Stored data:
*** Begin section ***

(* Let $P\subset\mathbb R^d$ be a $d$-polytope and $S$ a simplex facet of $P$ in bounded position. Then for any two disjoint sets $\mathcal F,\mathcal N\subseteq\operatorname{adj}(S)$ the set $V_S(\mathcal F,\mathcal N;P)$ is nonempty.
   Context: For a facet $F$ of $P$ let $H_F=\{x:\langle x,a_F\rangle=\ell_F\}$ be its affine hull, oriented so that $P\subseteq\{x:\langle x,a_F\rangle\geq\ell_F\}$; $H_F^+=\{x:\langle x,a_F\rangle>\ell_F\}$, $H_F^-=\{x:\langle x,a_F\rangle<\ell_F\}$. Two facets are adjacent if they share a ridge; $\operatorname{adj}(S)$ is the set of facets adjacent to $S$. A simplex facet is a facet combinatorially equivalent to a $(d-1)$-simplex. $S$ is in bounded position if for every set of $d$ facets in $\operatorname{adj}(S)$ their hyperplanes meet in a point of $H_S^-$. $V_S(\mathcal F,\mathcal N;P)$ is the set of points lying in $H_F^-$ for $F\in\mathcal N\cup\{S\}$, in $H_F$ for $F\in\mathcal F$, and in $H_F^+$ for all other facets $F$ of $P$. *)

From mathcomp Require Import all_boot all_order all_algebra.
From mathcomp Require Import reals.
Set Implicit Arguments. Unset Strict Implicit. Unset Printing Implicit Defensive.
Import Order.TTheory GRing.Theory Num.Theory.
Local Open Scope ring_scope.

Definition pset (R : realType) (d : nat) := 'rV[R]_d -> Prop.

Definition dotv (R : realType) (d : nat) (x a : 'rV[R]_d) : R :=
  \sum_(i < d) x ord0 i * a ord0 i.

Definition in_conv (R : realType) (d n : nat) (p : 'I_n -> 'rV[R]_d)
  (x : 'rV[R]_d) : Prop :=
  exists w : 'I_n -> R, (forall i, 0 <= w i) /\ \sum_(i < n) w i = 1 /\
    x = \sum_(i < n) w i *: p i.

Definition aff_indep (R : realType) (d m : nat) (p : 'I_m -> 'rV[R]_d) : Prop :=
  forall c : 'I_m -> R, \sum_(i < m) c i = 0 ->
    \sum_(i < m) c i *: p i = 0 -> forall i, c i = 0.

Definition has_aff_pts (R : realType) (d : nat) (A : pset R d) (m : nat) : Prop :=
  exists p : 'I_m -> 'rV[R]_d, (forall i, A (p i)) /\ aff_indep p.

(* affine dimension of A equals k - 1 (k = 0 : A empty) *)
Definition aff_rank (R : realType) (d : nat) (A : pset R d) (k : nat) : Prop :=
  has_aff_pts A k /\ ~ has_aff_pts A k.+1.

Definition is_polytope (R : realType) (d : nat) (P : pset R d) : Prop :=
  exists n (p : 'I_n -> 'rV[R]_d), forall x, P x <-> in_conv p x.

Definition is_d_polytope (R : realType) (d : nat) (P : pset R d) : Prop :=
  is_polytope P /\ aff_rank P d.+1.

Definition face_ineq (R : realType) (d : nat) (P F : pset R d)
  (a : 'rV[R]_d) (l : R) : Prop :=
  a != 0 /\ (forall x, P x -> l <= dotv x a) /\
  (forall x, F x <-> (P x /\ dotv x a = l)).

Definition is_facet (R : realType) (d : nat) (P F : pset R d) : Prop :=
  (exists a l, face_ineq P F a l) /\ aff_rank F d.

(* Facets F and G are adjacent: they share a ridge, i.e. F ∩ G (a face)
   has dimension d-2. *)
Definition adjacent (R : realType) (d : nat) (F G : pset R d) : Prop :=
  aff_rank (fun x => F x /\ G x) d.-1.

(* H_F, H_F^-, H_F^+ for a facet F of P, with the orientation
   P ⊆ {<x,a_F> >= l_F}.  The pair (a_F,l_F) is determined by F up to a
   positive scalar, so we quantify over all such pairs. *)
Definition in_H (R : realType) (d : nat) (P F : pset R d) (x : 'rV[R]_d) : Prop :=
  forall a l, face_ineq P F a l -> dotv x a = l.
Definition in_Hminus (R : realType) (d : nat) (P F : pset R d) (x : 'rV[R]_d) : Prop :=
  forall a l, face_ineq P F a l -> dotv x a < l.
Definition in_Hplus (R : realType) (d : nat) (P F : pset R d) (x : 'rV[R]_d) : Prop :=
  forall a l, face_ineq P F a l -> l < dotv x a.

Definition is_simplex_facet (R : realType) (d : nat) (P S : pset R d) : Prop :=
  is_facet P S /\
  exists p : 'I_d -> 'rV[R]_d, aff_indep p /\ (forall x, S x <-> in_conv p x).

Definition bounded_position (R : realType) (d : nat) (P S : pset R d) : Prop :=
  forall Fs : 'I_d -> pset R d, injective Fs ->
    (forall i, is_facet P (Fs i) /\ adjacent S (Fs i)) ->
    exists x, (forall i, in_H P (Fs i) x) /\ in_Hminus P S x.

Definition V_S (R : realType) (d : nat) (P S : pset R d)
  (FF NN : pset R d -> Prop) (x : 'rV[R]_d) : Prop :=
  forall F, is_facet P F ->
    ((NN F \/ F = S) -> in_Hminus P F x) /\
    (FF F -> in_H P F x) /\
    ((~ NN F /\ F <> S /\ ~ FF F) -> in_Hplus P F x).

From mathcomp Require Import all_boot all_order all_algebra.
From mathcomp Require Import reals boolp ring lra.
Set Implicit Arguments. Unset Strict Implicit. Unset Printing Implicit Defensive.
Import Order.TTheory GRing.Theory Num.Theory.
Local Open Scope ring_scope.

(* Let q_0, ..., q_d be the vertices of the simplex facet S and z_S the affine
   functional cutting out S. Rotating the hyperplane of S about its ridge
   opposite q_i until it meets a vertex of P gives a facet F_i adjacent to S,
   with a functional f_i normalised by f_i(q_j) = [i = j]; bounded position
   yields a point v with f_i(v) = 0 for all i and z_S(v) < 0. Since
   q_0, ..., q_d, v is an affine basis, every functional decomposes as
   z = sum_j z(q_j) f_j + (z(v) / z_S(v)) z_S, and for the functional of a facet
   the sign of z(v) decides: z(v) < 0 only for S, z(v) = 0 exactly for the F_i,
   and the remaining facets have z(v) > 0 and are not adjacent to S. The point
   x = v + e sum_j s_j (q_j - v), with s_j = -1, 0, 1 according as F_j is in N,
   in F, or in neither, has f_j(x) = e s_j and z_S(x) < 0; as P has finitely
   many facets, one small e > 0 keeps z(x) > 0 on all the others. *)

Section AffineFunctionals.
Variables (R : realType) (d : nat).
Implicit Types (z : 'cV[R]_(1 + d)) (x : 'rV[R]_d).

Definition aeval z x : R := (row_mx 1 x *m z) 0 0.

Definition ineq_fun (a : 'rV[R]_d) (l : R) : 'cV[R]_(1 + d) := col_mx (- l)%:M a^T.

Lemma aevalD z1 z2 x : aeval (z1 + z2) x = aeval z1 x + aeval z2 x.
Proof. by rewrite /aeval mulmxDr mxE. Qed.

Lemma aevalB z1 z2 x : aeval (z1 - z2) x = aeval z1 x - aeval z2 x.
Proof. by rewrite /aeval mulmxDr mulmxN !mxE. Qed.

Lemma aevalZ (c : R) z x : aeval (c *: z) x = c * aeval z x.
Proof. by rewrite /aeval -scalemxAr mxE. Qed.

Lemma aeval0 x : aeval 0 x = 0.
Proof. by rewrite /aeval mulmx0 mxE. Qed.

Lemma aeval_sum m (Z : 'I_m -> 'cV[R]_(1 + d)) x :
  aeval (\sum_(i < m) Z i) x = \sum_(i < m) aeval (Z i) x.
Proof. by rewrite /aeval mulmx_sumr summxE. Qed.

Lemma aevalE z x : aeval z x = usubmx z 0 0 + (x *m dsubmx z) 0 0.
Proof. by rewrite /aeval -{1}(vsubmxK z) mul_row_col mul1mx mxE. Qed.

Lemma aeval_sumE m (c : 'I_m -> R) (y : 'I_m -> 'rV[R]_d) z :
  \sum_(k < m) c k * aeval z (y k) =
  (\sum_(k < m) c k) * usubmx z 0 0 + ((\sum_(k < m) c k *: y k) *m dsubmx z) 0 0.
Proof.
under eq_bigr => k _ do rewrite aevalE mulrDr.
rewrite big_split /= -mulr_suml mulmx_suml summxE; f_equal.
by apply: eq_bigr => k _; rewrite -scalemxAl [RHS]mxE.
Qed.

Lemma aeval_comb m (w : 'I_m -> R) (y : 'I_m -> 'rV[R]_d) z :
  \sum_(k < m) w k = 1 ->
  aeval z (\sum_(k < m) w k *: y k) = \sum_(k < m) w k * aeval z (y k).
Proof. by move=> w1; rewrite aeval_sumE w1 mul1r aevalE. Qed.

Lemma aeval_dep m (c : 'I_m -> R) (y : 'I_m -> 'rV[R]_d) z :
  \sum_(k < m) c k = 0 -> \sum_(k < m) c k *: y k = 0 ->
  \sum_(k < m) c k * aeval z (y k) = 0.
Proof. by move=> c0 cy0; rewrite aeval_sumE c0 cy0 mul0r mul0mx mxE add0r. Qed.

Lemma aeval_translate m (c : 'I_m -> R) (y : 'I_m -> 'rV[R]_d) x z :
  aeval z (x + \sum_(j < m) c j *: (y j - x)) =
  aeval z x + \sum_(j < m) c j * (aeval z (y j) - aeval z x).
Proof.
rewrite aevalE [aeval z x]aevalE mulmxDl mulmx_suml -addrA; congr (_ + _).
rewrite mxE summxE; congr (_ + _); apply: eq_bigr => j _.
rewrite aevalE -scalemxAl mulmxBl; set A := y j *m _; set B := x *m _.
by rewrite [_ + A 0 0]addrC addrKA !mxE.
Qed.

*** End section ***
*** Begin section ***

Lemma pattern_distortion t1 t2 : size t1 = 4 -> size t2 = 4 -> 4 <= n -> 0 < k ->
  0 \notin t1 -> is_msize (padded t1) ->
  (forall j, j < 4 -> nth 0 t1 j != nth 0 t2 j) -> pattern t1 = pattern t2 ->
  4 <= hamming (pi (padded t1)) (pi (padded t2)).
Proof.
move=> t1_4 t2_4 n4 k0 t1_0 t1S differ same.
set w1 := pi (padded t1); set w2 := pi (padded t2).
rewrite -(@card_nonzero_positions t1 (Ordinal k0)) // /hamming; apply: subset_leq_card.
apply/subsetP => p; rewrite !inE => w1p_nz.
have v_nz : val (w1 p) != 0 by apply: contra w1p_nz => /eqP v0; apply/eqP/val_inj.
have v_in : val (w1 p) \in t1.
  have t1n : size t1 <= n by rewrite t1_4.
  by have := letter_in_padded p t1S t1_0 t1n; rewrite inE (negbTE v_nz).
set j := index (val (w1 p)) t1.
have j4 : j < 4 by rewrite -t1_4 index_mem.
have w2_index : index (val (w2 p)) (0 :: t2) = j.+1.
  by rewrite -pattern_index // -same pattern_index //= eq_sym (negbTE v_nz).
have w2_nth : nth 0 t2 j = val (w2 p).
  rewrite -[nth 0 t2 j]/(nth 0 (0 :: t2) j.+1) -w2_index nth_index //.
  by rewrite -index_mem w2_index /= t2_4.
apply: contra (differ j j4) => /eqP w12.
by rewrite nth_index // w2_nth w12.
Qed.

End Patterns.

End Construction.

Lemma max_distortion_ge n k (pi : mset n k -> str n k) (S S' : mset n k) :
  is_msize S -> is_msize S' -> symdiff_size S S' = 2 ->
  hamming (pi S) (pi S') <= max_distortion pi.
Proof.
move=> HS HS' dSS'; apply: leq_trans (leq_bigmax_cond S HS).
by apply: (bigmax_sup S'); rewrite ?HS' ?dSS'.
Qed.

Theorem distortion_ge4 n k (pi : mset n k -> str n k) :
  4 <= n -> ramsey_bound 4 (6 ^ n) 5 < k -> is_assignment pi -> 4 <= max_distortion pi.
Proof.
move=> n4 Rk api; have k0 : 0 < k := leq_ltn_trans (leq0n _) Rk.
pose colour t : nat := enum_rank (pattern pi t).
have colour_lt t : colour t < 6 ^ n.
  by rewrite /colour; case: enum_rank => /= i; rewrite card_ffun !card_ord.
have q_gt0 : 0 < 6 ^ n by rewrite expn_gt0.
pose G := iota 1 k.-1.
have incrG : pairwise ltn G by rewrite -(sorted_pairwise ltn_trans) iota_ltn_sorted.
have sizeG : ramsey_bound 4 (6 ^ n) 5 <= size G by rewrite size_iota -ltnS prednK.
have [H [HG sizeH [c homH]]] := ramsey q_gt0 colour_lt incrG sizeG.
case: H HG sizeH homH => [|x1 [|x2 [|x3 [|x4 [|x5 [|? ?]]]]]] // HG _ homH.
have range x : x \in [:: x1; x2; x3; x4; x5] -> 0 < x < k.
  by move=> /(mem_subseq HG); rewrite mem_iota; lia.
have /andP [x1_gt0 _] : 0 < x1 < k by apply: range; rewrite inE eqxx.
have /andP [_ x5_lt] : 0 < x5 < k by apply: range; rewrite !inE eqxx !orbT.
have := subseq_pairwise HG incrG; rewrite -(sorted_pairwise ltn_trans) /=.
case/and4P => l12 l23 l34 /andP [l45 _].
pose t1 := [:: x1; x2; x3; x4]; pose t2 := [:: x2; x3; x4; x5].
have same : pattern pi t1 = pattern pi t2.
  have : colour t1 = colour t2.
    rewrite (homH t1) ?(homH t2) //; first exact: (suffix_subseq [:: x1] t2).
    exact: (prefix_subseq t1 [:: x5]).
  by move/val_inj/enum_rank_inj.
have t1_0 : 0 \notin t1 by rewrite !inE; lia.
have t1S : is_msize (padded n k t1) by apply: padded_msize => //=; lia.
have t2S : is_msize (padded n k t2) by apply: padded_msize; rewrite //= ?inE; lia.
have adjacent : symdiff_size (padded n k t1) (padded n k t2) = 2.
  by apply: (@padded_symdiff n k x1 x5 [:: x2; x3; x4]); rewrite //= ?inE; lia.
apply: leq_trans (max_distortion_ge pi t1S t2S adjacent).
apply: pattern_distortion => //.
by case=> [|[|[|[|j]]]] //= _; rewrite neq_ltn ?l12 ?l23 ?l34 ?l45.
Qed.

*** End section ***

- _What the exercise asks_
Reply with nothing but the number of lines in the data above that contain "case".

- _Reply to the task_
4